EXERCISE INSTRUCTIONS: A single number is the answer: the count of lines in these records with "mdisjoint" in them.
##########
Lemma wedge_blade A B : wedge (blade A) (blade B) =
  if [disjoint A & B] then sc (sgn R A B) (blade (A :|: B)) else 0.
Proof.
apply/ffunP => S; rewrite wedge_blade_l.
have [AS|nAS] := boolP (A \subset S); last first.
  case: ifP => _; rewrite !ffunE //; case: eqP => [eS|]; last by rewrite mulr0.
  by rewrite eS subsetUl in nAS.
have eS : S = A :|: S :\: A by rewrite -{1}(setID S A) (setIidPr AS).
have [eB|nB] := eqVneq (S :\: A) B.
  have dAB : [disjoint A & B] by rewrite -eB disjoints_subset setCD subsetUr.
  by rewrite dAB !ffunE {3}eS eB !eqxx mulr1.
case: ifP => dAB; rewrite !ffunE ?(negbTE nB) ?mulr0 //.
case: eqP => [eS'|]; rewrite ?mulr0 //.
by move: nB; rewrite eS' setDUl setDv set0U (setDidPl _) ?eqxx // disjoint_sym.
Qed.

Lemma iprod_blade l S : iprod l (blade S) =
  if l \in S then sc ((-1) ^+ #|[set t in S :\ l | (val t < val l)%N]|) (blade (S :\ l))
  else 0.
Proof.
apply/ffunP => T; have [lS|nlS] := boolP (l \in S); rewrite !ffunE; last first.
  case: ifP => // _; case: eqP => [eS|]; last by rewrite mulr0.
  by rewrite -eS setU11 in nlS.
have [->|nT] := eqVneq T (S :\ l); first by rewrite setD11 setD1K // eqxx mulr1.
rewrite mulr0; case: ifP => // lT; case: eqP => [eS|]; rewrite ?mulr0 //.
by move: nT; rewrite -eS setU1K ?lT ?eqxx.
Qed.

Lemma hodge_blade A : hodge (blade A) = sc (sgn R A (~: A)) (blade (~: A)).
Proof.
apply/ffunP => S; rewrite !ffunE; have [->|nS] := eqVneq S (~: A).
  by rewrite setCK !eqxx.
rewrite (_ : (~: S == A) = false) ?mulr0 //.
by apply: contraNF nS => /eqP <-; rewrite setCK.
Qed.

End Blades.

Arguments blade {R} A.

(* A mask [m : N] encodes the subset [toset m] of 'I_8; bits beyond 7 are
   ignored, so masks are compared with [meq] rather than [=]. *)
Definition mbit (m : N) (i : nat) : bool := N.testbit m (N.of_nat i).
Definition toset (m : N) : {set 'I_8} := [set i : 'I_8 | mbit m i].
Definition mset1 (i : nat) : N := N.pow 2 (N.of_nat i).
Definition msetD1 (m : N) (i : nat) : N := N.ldiff m (mset1 i).
Definition msetC (m : N) : N := N.lnot m 8.
Definition mdisjoint (m n : N) : bool :=
  all (fun i => ~~ (mbit m i && mbit n i)) (iota 0 8).
Definition meq (m n : N) : bool := all (fun i => mbit m i == mbit n i) (iota 0 8).
Definition minv (m n : N) : nat :=
  count (fun p => [&& mbit m p.1, mbit n p.2 & (p.2 < p.1)%N])
    [seq (x, y) | x <- iota 0 8, y <- iota 0 8].
Definition mbelow (m : N) (l : nat) : nat :=
  count (fun i => mbit m i && (i < l)%N) (iota 0 8).

Lemma mbit_mset1 i j : mbit (mset1 i) j = (i == j).
Proof.
rewrite /mbit /mset1 N.pow2_bits_eqb.
by apply/idP/eqP => [/N.eqb_eq/Nat2N.inj|->] //; apply/N.eqb_eq.
Qed.

Lemma mbit_lor m n i : mbit (N.lor m n) i = mbit m i || mbit n i.
Proof. exact: N.lor_spec. Qed.

Lemma mbit_ldiff m n i : mbit (N.ldiff m n) i = mbit m i && ~~ mbit n i.
Proof. exact: N.ldiff_spec. Qed.

Lemma toset_mset1 (i : 'I_8) : toset (mset1 i) = [set i].
Proof. by apply/setP => j; rewrite !inE mbit_mset1 eq_sym. Qed.

Lemma toset_lor m n : toset (N.lor m n) = toset m :|: toset n.
Proof. by apply/setP => i; rewrite !inE mbit_lor. Qed.

Lemma toset_msetD1 m (i : 'I_8) : toset (msetD1 m i) = toset m :\ i.
Proof. by apply/setP => j; rewrite !inE mbit_ldiff mbit_mset1 andbC eq_sym. Qed.

Lemma toset_msetC m : toset (msetC m) = ~: toset m.
Proof.
apply/setP => i; rewrite !inE /mbit /msetC N.lnot_spec_low //.
by have /ssrnat.ltP := ltn_ord i; lia.
Qed.

Lemma all_iota8 (P : pred nat) : all P (iota 0 8) = [forall i : 'I_8, P i].
Proof.
rewrite -val_enum_ord all_map.
by apply/allP/forallP => [h i|h i _]; [apply: h; rewrite mem_enum | apply: h].
Qed.

Lemma count_iota8 (P : pred nat) : count P (iota 0 8) = #|[set i : 'I_8 | P i]|.
Proof.
by rewrite -sum1_count -sum1dep_card -[iota 0 8]/(index_iota 0 8) big_mkord.
Qed.

Lemma count_iota8_pairs (P : rel nat) :
  count (fun p => P p.1 p.2) [seq (x, y) | x <- iota 0 8, y <- iota 0 8] =
  #|[set p : 'I_8 * 'I_8 | P p.1 p.2]|.
Proof.
rewrite -sum1_count -sum1dep_card big_mkcond big_allpairs.
rewrite -[iota 0 8]/(index_iota 0 8) big_mkord (eq_bigr _ (fun i _ => big_mkord _ _)) /=.
by rewrite pair_bigA -big_mkcond.
Qed.

Lemma disjoint_toset m n : [disjoint toset m & toset n] = mdisjoint m n.
Proof.
rewrite /mdisjoint all_iota8 disjoint_subset; apply/subsetP/forallP => /= [h i|h i].
  by apply/negP => /andP[mi ni]; have := h i; rewrite !inE mi ni => /(_ isT).
by rewrite !inE => mi; have := h i; rewrite mi.
Qed.

Lemma meq_toset m n : meq m n -> toset m = toset n.
Proof.
by rewrite /meq all_iota8 => /forallP h; apply/setP => i; rewrite !inE (eqP (h i)).
Qed.

Lemma sgn_toset (R : realFieldType) m n : sgn R (toset m) (toset n) = (-1) ^+ minv m n.
Proof.
rewrite /sgn /minv (count_iota8_pairs (fun x y => [&& mbit m x, mbit n y & (y < x)%N])).
by congr (_ ^+ _); apply: eq_card => p; rewrite !inE.
Qed.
##########
ANSWER SPACE: 3